Qu’est-ce qu’on est bien ici, c’est la première fois que je séjourne à Combloux,
je ne le regrette vraiment pas, je ne trouve pas les mots pour décrire la beauté
du paysage. Lorsque l’inspiration ne vient pas, je me retourne pour à nouveau
contempler le Mont-Blanc. Je reste quelques instants les yeux rivés sur cette
masse rocheuse recouverte de glace puis l’inspiration revient...
Je rentre d’une
courte balade en VTT car ne connaissant pas le coin, je n’ai pas trouvé de
sentier balisé spécialement conçu pour le vélo tout terrain. Je ne suis pas déçu
car le fait de rester là, assis sur ce vieux banc, écrivant sur cette table de
bois branlante me met en émoi. Je profite simplement de la tranquillité de lieu,
je me fais bronzer, je scrute le paysage et j’écris. L’écriture me permet de
dire ce que je suis incapable d’expliquer avec ma voix. Lorsque j’écris, les
mots filent très vite sur le papier alors que lorsque je m’essaye à dialoguer,
très peu de paroles veulent sortir. Ce n’est pas l’envie de parler qui me manque
mais il y a un frein, un blocage, c’est un manque de spontanéité. Je suis trop
calculateur et j’ai tendance à trop tourner ma langue dans ma bouche avant de
parler. L’écriture me permet de tout dire sans se soucier du jugement immédiat.
Lorsque le lecteur lit, je ne suis pas devant lui, il ne peut pas me contredire.

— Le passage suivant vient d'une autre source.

Lemma new_vertex_on_path y : old_vertex (old_of y) != y ->
  0 < odflt 0 (tpos y) < d /\ path_vertex (odflt 0 (tpos y)) = y.
Proof.
move=> y_new; have le_ny : n.+1 <= y.
  rewrite leqNgt; apply: contra y_new => lt_yn; apply/eqP/val_inj.
  by rewrite /= val_insubd lt_yn.
have tpos_y : tpos y = Some (y - n.+1).+1.
  by rewrite /thick_pos le_ny !gtn_eqF ?(leq_trans (ltn_ord _) le_ny).
rewrite tpos_y /=; split; last by case: (tpos_some tpos_y).
by have := ltn_ord y; lia.
Qed.

Lemma path_vertex_new k : 0 < k < d ->
  old_vertex (old_of (path_vertex k)) != path_vertex k /\ odflt 0 (tpos (path_vertex k)) = k.
Proof.
move=> lt_kd; rewrite tpos_path; last by case/andP: lt_kd => _ /ltnW.
split=> //; apply/eqP => /(congr1 val); rewrite /= val_path_vertex //.
by have := ltn_ord (old_of (path_vertex k)); lia.
Qed.

End ThickenConcrete.

Lemma num_spanning_trees_thicken n (c : 'I_n.+1 -> 'I_n.+1 -> nat) (v v' : 'I_n.+1) d :
  multigraph c -> v' != v -> 0 < d -> 0 < c v v' ->
  num_spanning_trees (thicken c v v' d) = d * (c v v' * d) ^ d.-1 * num_spanning_trees c.
Proof.
move=> c_mg v'v d_gt0 e_gt0.
rewrite (num_spanning_trees_path c_mg v'v d_gt0) (num_spanning_trees_bundle c_mg v'v).
apply: (num_trees_thicken (u := v) (u' := v')
  (ends_rest := fun a : rest_edge c v v' => (val a).1)
  (emb := old_vertex d) (emb_inv := @old_of n v d)
  (w := path_vertex v v' d) (pos := fun y => odflt 0 (thick_pos v v' d y))) => //.
- exact: old_vertexK.
- exact: path_vertex_d.
- exact: new_vertex_on_path.
- exact: path_vertex_new.
- by move=> b; apply: joins_ord_pair.
- by move=> k j; apply: joins_ord_pair.
- by rewrite !card_ord.
Qed.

C’est assez plaisant. Même si mes écrits sont très critiquables ! Je ne suis pas
un écrivain, j’aime écrire c’est tout, et je n’ai pas la prétention de
m’octroyer cette posture. Pour moi, un écrivain c’est quelqu’un qui manie le
verbe avec une aisance et une dextérité digne d’un Alberto Moravia, d’un
Milan Kundera ou d’une Régine Desforges. Pas facile d’arriver à leurs chevilles,
par conséquent, inutile de me dire que je suis mauvais. J’écris quelques
nouvelles qui me semblent honorables dans un style qui m’est propre. J’aime
l’érotisme, la nature, les femmes et les choses simples, ce sont mes sujets de
prédilection. Je crois que si je finis un jour par devenir écrivain
professionnel, je me spécialiserai dans l’érotisme. En effet, de nos jours, le
sexe est de plus en plus présent et les gens ont soif d’informations sexuelles.
Ils ont besoin de voir du sexe, d’entendre des mots crus. La presse, la
télévision, les livres en sont les principales sources.
J’ai toujours été fasciné par la sexualité, la chair et la beauté du corps, par
conséquent écrire du sexe est très naturel pour moi.
Mais à ce stade de votre lecture, vous vous demandez si Laurie existe. Pourquoi
ce titre si je ne parle pas d’elle ?
Laurie est un
mirage, elle me rend fou, j’ai envie d’elle à chaque instant. Dès que je l’ai
vue j’en suis tombé amoureux. D’où vient-elle ? me direz-vous. Hum....Laurie !
Lorsque j’écris son prénom, je la vois dans ma tête et elle m’attire. Cette
fille n’a pourtant rien d’extraordinaire mais elle me plaît. Elle est très
jeune, je ne connais pas son âge mais elle a certainement moins de vingt ans.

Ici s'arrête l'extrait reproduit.